Спроси его кто, юноша не смог бы ответить и описать, что произошло, что с ним случилось. Что изменилось в нем… но что изменилось - знал точно!
И не в разбуженном теле, теперь играющем молодым вином, было дело. Словно раньше он ползал недодавленной гусеницей, а сейчас парил в искристой, пронизанной солнцем высоте. Словно он был неполным, и лишь сейчас стал цельным, словно всю жизнь жил слепым, и внезапно увидел звезды… Был глухим, и услышал пение ангелов, был немым и обрел дивный голос… Смирившись с участью раба, он не надеялся и не ждал, что в нем увидят достойного заботы и любви.
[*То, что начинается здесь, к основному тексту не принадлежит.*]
(* Let $D$ be an integral domain, $\mathfrak{m}$ a maximal $w$-ideal of $D$, and $M$ a torsion-free $D$-module which is a $w$-module. Then the following are equivalent: (1) $M$ is an $\mathfrak{m}$-SM-module; (2) $M_{\mathfrak{m}}$ is a Noetherian $D_{\mathfrak{m}}$-module and for every nonzero finitely generated $D$-submodule $L$ of $M$ there exists $s\in D\setminus\mathfrak{m}$ such that $(L_w)_{\mathfrak{m}}\cap M=L_w:s$.
   Context: Let $K$ be the quotient field of $D$; $I_v=(I^{-1})^{-1}$ with $I^{-1}=\{a\in K\mid aI\subseteq D\}$; $\mathrm{GV}(D)$ is the set of finitely generated ideals $J$ with $J_v=D$. For a torsion-free module $N$, $N_w=\{x\in N\otimes K\mid xJ\subseteq N\text{ for some }J\in\mathrm{GV}(D)\}$; $N$ is a $w$-module if $N_w=N$; a $w$-ideal is an ideal that is a $w$-module, and a maximal $w$-ideal is a proper $w$-ideal maximal among proper $w$-ideals. A submodule $N$ of $M$ is $S$-$w$-finite if there exist $s\in S$ and a finitely generated submodule $F$ of $M$ with $Ns\subseteq F_w\subseteq N_w$; a $w$-module $M$ is an $S$-SM-module if every $w$-submodule (submodule $L$ with $L_w=L$) is $S$-$w$-finite. $M$ is an $\mathfrak{m}$-SM-module if it is an $S$-SM-module for $S=D\setminus\mathfrak{m}$. For $r\in D$ and a submodule $L'$, $L':r=\{x\in M\mid xr\in L'\}$. The intersection is taken in $M_{\mathfrak{m}}$ with $M$ identified with its image. *)

From HB Require Import structures.
From mathcomp Require Import all_boot all_order all_algebra.
Set Implicit Arguments. Unset Strict Implicit. Unset Printing Implicit Defensive.
Import Order.TTheory GRing.Theory Num.Theory.
Local Open Scope ring_scope.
Любви?… любви, ибо назвать это волшебное действо совокуплением, было бы оскорблением, черной неблагодарностью к милости Создателя! Столько нежности, сколько обрушилось на него за несколько дней, Айсен не мог бы припомнить за все свои годы вместе взятые. Наверное, впервые в жизни он засыпал спокойно, рядом с самым дорогим на свете человеком, в его теплых объятьях.
Или не спал, любуясь спящим мужчиной: его крепким сильным телом с рельефом мышц - не прущих дурным мясом, а идеально соразмерных… Благородными мужественными чертами, расслабленными во сне, твердым абрисом губ… Айсен со смущением признался, что думает о поцелуях чуть ли не постоянно! Но разве может быть что-нибудь более чудесное, чем когда ссей’дин приникает к его губам, раздвигает их, и язык проникает вглубь, начиная свой властный уверенный танец… Фах’рид, ссей’дин фах’рид!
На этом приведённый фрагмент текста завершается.